Bu soruyu yanıtlamak için henüz çok erken. Daha geçen yazımda bu medyanın Erdoğan ve mevcut iktidar hakkında neler yazıp çizdiğini somut örneklerle aktarmıştım. Bu örneklerde yer alan gerçek olamayacak kadar abartılı değerlendirmelerin uluslararası kamuoyunu Türkiye aleyhine yönlendirmeye yönelik bir manipülasyon olup olmadığı sorusunu yöneltmiştim. Zira Türkiye gibi bazı eksikliklerine karşın demokratik bir ülkede seçilmiş bir Cumhurbaşkanı’nı dünya kamuoyuna, Mısır’ın darbeci Devlet Başkanı General Sisi’den, Suriye’de yüzbinlerce vatandaşını katleden, milyonlarcasını sınır dışına kaçırıp mülteci konumuna düşüren Esat’tan bile “kötü” göstermek normal olmadığı gibi etik de değil.
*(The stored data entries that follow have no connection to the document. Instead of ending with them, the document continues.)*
(* Graph chart of Gr(n, d) around the point rowspace L, with complement
   rowspace K (col_mx L K invertible): the matrix A : 'M_n corresponds to
   the subspace spanned by the rows of L + A *m K, i.e. the graph of the
   linear map l -> c given by A.  Tangent vectors at A are matrices 'M_n. *)

(* kappa(x) in the chart: d/dt|_{t=0} exp(t ad_x) . W_A, where the rows of
   L + A K are moved to (L + A K) exp(t adm x); writing
   (L + A K) adm x = P L + Q K, the velocity in the chart is Q - P A. *)
Definition kappa C (L K : 'M[R]_(n, m)) (x : vec) (A : 'M[R]_n) : 'M[R]_n :=
  let PQ := (L + A *m K) *m adm C x *m invmx (col_mx L K) in
  rsubmx PQ - lsubmx PQ *m A.

(* Pi = 1/2 kappa(R), R = \sum_i eta_i /\ e_i, with
   (V /\ W)^{pq} = V^p W^q - V^q W^p ; components are indexed by
   pairs p = (p.1, p.2) : 'I_n * 'I_n (the coordinate A p.1 p.2). *)
Definition Pi C (L K : 'M[R]_(n, m)) (A : 'M[R]_n) (p q : 'I_n * 'I_n) : R :=
  2^-1 * \sum_i (kappa C L K (e_ustar i) A p.1 p.2 * kappa C L K (e_u i) A q.1 q.2
               - kappa C L K (e_ustar i) A q.1 q.2 * kappa C L K (e_u i) A p.1 p.2).

End Double.

Definition schouten_self (R : realType) (k l : nat)
    (P : 'M[R]_(k, l) -> 'I_k * 'I_l -> 'I_k * 'I_l -> R)
    (y : 'M[R]_(k, l)) (p q r : 'I_k * 'I_l) : R :=
  2 * \sum_(s : 'I_k * 'I_l)
    (P y s p * 'D_(delta_mx s.1 s.2) (fun z => P z q r) y
     + P y s q * 'D_(delta_mx s.1 s.2) (fun z => P z r p) y
     + P y s r * 'D_(delta_mx s.1 s.2) (fun z => P z p q) y).

(* In the graph chart A |-> rowspace (L + A K) of Gr(n, d) centred at l, the
   vector field kappa(x) is a Riccati field.  Its value at l is linear in x and
   is read off through the form from vectors m_p = [l_i, w_j] lying in l, while
   its derivative satisfies d kappa(x) . kappa(y) - d kappa(y) . kappa(x)
   = kappa([x, y]).  Hence [Pi, Pi](l) is, up to a factor, the cyclic sum
   <[rho m_r, rho m_p], m_q> + (cyclic), where rho is the contraction with R.
   Splitting vectors along d = u + u^*, this sum equals - <[m_r, m_p], m_q>
   plus terms lying entirely in u or in u^*, which vanish because u and u^*
   are isotropic subalgebras; and <[m_r, m_p], m_q> = 0 because l is a
   Lagrangian subalgebra. *)

From HB Require Import structures.
From mathcomp Require Import all_boot all_order all_algebra.
From mathcomp Require Import all_classical all_reals all_analysis.
From mathcomp Require Import ring.
Set Implicit Arguments. Unset Strict Implicit. Unset Printing Implicit Defensive.
Import Order.TTheory GRing.Theory Num.Theory.
Local Open Scope ring_scope.

Section BracketAndForm.
Variables (R : realType) (n : nat) (C : 'I_(n + n) -> 'I_(n + n) -> 'I_(n + n) -> R).
Local Notation m := (n + n)%N.
Local Notation vec := 'rV[R]_m.
Implicit Types (x y z : vec).

Lemma dbrE x y : dbr C x y = y *m adm C x.
Proof.
apply/rowP => c; rewrite !mxE exchange_big /=; apply: eq_bigr => b _.
by rewrite mxE big_distrr /=; apply: eq_bigr => a _; ring.
Qed.

Lemma admZD a x y : adm C (a *: x + y) = a *: adm C x + adm C y.
Proof.
apply/matrixP => b c; rewrite !mxE big_distrr -big_split /=.
by apply: eq_bigr => i _; rewrite !mxE; ring.
Qed.

Lemma admD x y : adm C (x + y) = adm C x + adm C y.
Proof. by rewrite -[in LHS](scale1r x) admZD scale1r. Qed.

Lemma admN x : adm C (- x) = - adm C x.
Proof.
by apply/matrixP => b c; rewrite !mxE -sumrN; apply: eq_bigr => a _; rewrite mxE; ring.
Qed.

Lemma dbrDl x y z : dbr C (x + y) z = dbr C x z + dbr C y z.
Proof. by rewrite !dbrE admD mulmxDr. Qed.

Lemma dbrDr x y z : dbr C x (y + z) = dbr C x y + dbr C x z.
Proof. by rewrite !dbrE mulmxDl. Qed.

Lemma dbrNl x y : dbr C (- x) y = - dbr C x y.
Proof. by rewrite !dbrE admN mulmxN. Qed.

Lemma dbrNr x y : dbr C x (- y) = - dbr C x y.
Proof. by rewrite !dbrE mulNmx. Qed.

Definition form_mx : 'M[R]_m := block_mx 0 1%:M 1%:M 0.

Lemma form_mxK : form_mx *m form_mx = 1%:M.
Proof.
rewrite /form_mx mulmx_block !mulmx0 !mul0mx !mulmx1 !addr0 !add0r.
by rewrite (scalar_mx_block n n 1).
Qed.

Lemma form_mx_unit : form_mx \in unitmx.
Proof. by case: (mulmx1_unit form_mxK). Qed.

Lemma dformE x y : dform x y = (x *m form_mx *m y^T) 0 0.
Proof.
rewrite /dform /form_mx -[x]hsubmxK -[y]hsubmxK mul_row_block.
rewrite !mulmx0 !mulmx1 add0r addr0 tr_row_mx mul_row_col mxE big_split /= addrC !mxE.
by congr (_ + _); apply: eq_bigr => i _; rewrite ?row_mxEl ?row_mxEr !mxE ?row_mxEl ?row_mxEr //; ring.
Qed.

Lemma dformC x y : dform x y = dform y x.
Proof. by apply: eq_bigr => i _; ring. Qed.

Lemma dformDl x y z : dform (x + y) z = dform x z + dform y z.
Proof. by rewrite !dformE !mulmxDl mxE. Qed.

Lemma dformDr x y z : dform x (y + z) = dform x y + dform x z.
Proof. by rewrite ![dform x _]dformC dformDl. Qed.

Lemma dformNl x y : dform (- x) y = - dform x y.
Proof. by rewrite !dformE !mulNmx mxE. Qed.

Lemma dformNr x y : dform x (- y) = - dform x y.
Proof. by rewrite ![dform x _]dformC dformNl. Qed.

End BracketAndForm.

Arguments form_mx {R n}.

Section LieAlgebra.
Variables (R : realType) (n : nat) (C : 'I_(n + n) -> 'I_(n + n) -> 'I_(n + n) -> R).
Hypothesis hlie : is_lie_bracket C.
Implicit Types (x y z : 'rV[R]_(n + n)).

Lemma dbr_anticomm x y : dbr C x y = - dbr C y x.
Proof.
case: hlie => anti _; apply/rowP => c; rewrite !mxE exchange_big -sumrN.
by apply: eq_bigr => b _; rewrite -sumrN; apply: eq_bigr => a _; rewrite anti; ring.
Qed.

Lemma adm_dbr x y : adm C y *m adm C x - adm C x *m adm C y = adm C (dbr C x y).
Proof.
case: hlie => _ jacobi; apply/row_matrixP => i; rewrite !rowE.
set z := delta_mx 0 i; rewrite mulmxBr !mulmxA -!dbrE.
have := jacobi x y z.
rewrite [dbr C z x]dbr_anticomm dbrNr [dbr C z (dbr C x y)]dbr_anticomm => jacobi_xyz.
by apply/eqP; rewrite -subr_eq0 -jacobi_xyz.
Qed.

End LieAlgebra.

Section ManinTriple.
Variables (R : realType) (n : nat).
Local Notation vec := 'rV[R]_(n + n).
Implicit Types (a b c x y z : vec).

Definition pu x : vec := row_mx (lsubmx x) 0.
Definition ps x : vec := row_mx 0 (rsubmx x).
(* The contraction of [R = \sum_i eta_i /\ e_i] with [x] through the form. *)
Definition rho x : vec := ps x - pu x.

Lemma pu_lshift x i : pu x 0 (lshift n i) = x 0 (lshift n i).
Proof. by rewrite /pu row_mxEl mxE. Qed.

Lemma pu_rshift x i : pu x 0 (rshift n i) = 0.
Proof. by rewrite /pu row_mxEr mxE. Qed.

Lemma ps_lshift x i : ps x 0 (lshift n i) = 0.
Proof. by rewrite /ps row_mxEl mxE. Qed.

Lemma ps_rshift x i : ps x 0 (rshift n i) = x 0 (rshift n i).
Proof. by rewrite /ps row_mxEr mxE. Qed.

Lemma rho_lshift x i : rho x 0 (lshift n i) = - x 0 (lshift n i).
Proof. by rewrite /rho [LHS]mxE [X in _ + X]mxE ps_lshift pu_lshift sub0r. Qed.

Lemma rho_rshift x i : rho x 0 (rshift n i) = x 0 (rshift n i).
Proof. by rewrite /rho [LHS]mxE [X in _ + X]mxE ps_rshift pu_rshift subr0. Qed.

Lemma add_pu_ps x : pu x + ps x = x.
Proof. by rewrite /pu /ps add_row_mx addr0 add0r hsubmxK. Qed.

Lemma dform_pu x y : dform (pu x) (pu y) = 0.
Proof. by apply: big1 => i _; rewrite !pu_rshift mulr0 mul0r addr0. Qed.

Lemma dform_ps x y : dform (ps x) (ps y) = 0.
Proof. by apply: big1 => i _; rewrite !ps_lshift mulr0 mul0r addr0. Qed.

Lemma dform_e_u i b : dform (e_u R i) b = b 0 (rshift n i).
Proof.
rewrite /dform (bigD1 i) //= big1 ?addr0 => [|j ji].
  by rewrite /e_u !mxE /= eq_lshift eqxx eq_rlshift /= mul1r mul0r addr0.
by rewrite /e_u !mxE /= eq_lshift (negbTE ji) eq_rlshift /= !mul0r addr0.
Qed.

Lemma dform_e_ustar i b : dform (e_ustar R i) b = b 0 (lshift n i).
Proof.
rewrite /dform (bigD1 i) //= big1 ?addr0 => [|j ji].
  by rewrite /e_ustar !mxE /= eq_rshift eqxx eq_lrshift /= mul1r mul0r add0r.
by rewrite /e_ustar !mxE /= eq_rshift (negbTE ji) eq_lrshift /= !mul0r addr0.
Qed.

Lemma rho_contract (phi : vec -> R) : scalar phi -> forall b,
  \sum_(i < n) (phi (e_ustar R i) * dform (e_u R i) b
                - phi (e_u R i) * dform (e_ustar R i) b) = phi (rho b).
Proof.
move=> phi_lin b.
have phi0 : phi 0 = 0 by have := phi_lin (-1) 0 0; rewrite scaler0 addr0 mulN1r addNr.
have phiD x y : phi (x + y) = phi x + phi y by rewrite -[in LHS](scale1r x) phi_lin mul1r.
have phiZ (k : R) x : phi (k *: x) = k * phi x by rewrite -[k *: x]addr0 phi_lin phi0 addr0.
have phiN x : phi (- x) = - phi x by rewrite -scaleN1r phiZ mulN1r.
have rhoE : rho b = \sum_(i < n) (b 0 (rshift n i) *: e_ustar R i - b 0 (lshift n i) *: e_u R i).
  rewrite {1}[rho b]row_sum_delta big_split_ord /= sumrB addrC -sumrN.
  by congr (_ + _); apply: eq_bigr => i _; rewrite ?rho_rshift ?rho_lshift ?scaleNr.
rewrite rhoE (big_morph phi phiD phi0); apply: eq_bigr => i _.
by rewrite phiD phiN !phiZ dform_e_u dform_e_ustar; ring.
Qed.

Variable C : 'I_(n + n) -> 'I_(n + n) -> 'I_(n + n) -> R.
Hypotheses (hinv : form_invariant C) (hu : u_subalgebra C) (hs : ustar_subalgebra C).

Lemma dform_dbr_cycle x y z : dform (dbr C x y) z = dform (dbr C y z) x.
Proof. by rewrite hinv dformC. Qed.

Lemma dbr_pu a b : dbr C (pu a) (pu b) = pu (dbr C (pu a) (pu b)).
Proof.
rewrite [RHS]/pu -[LHS]hsubmxK; congr row_mx.
apply/rowP => k; rewrite !mxE; apply: big1 => i _; apply: big1 => j _.
case: (split_ordP i) => i' ->; last by rewrite pu_rshift !mul0r.
case: (split_ordP j) => j' ->; last by rewrite pu_rshift mulr0 mul0r.
by rewrite hu mulr0.
Qed.

Lemma dbr_ps a b : dbr C (ps a) (ps b) = ps (dbr C (ps a) (ps b)).
Proof.
rewrite [RHS]/ps -[LHS]hsubmxK; congr row_mx.
apply/rowP => k; rewrite !mxE; apply: big1 => i _; apply: big1 => j _.
case: (split_ordP i) => i' ->; first by rewrite ps_lshift !mul0r.
case: (split_ordP j) => j' ->; first by rewrite ps_lshift mulr0 mul0r.
by rewrite hs mulr0.
Qed.

Lemma dform_dbr_pu a b c : dform (dbr C (pu a) (pu b)) (pu c) = 0.
Proof. by rewrite dbr_pu dform_pu. Qed.

Lemma dform_dbr_ps a b c : dform (dbr C (ps a) (ps b)) (ps c) = 0.
Proof. by rewrite dbr_ps dform_ps. Qed.

Lemma dform_dbr_rho a b c :
  dform (dbr C (rho a) (rho b)) c + dform (dbr C (rho b) (rho c)) a
  + dform (dbr C (rho c) (rho a)) b = - dform (dbr C a b) c.
Proof.
(* With a = a1 + a2 along d = u + u^* we have rho a = a2 - a1; expanded, the
   two sides differ by 4 <[a1, b1], c1> + 4 <[a2, b2], c2>. *)
have polarize a1 a2 b1 b2 c1 c2 :
    dform (dbr C a1 b1) c1 = 0 -> dform (dbr C a2 b2) c2 = 0 ->
    dform (dbr C (a2 - a1) (b2 - b1)) (c1 + c2)
    + dform (dbr C (a1 + a2) (b2 - b1)) (c2 - c1)
    + dform (dbr C (a2 - a1) (b1 + b2)) (c2 - c1)
    = - dform (dbr C (a1 + a2) (b1 + b2)) (c1 + c2).
  move=> h1 h2.
  rewrite !(dbrDl, dbrDr, dbrNl, dbrNr, dformDl, dformDr, dformNl, dformNr) h1 h2.
  ring.
rewrite -(dform_dbr_cycle a) (dform_dbr_cycle (rho c)).
have := polarize _ _ _ _ _ _ (dform_dbr_pu a b c) (dform_dbr_ps a b c).
by rewrite !add_pu_ps.
Qed.

End ManinTriple.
Aslında Jego’nun bu alışılagelmedik başlığını tam da Esat’tan kaçıp Avrupa’nın kapılarına dayanan Suriyeli mültecilere borçluyuz. Dört yıldan bu yana, başta Türkiye olmak üzere Ürdün ve Lübnan’a sığınan milyonların sesine kulak kabartmayan ve sürekli Türkiye’nin dış politikasını “yanlış” olarak niteleyen gazetecileri okuyoruz. Türkiye’nin Suriye’de iç savaşın başlamasıyla birlikte nasılsa birden bire güçleniveren IŞİD’e yardım ettiği yalanıyla bu görüşü yaygınlaştıran “dış politika uzmanları”, Rusya’nın fiilen Esat saflarında savaşa katılmasıyla şaşırmışa benziyorlar. Oysa vetosuyla Esat rejimini koruma altına almış olan Rusya’nın IŞİD’i değil öncelikle ılımlı muhalifler cephesini vurmasında şaşılacak bir taraf yok. Kimler tarafından güçlendirildiği bilinmeyen ve işlevi neyse sonlanınca olasılıkla birden bire ortadan kalkacak olan IŞİD’in önceliği Esat rejimini devirmek değil çünkü.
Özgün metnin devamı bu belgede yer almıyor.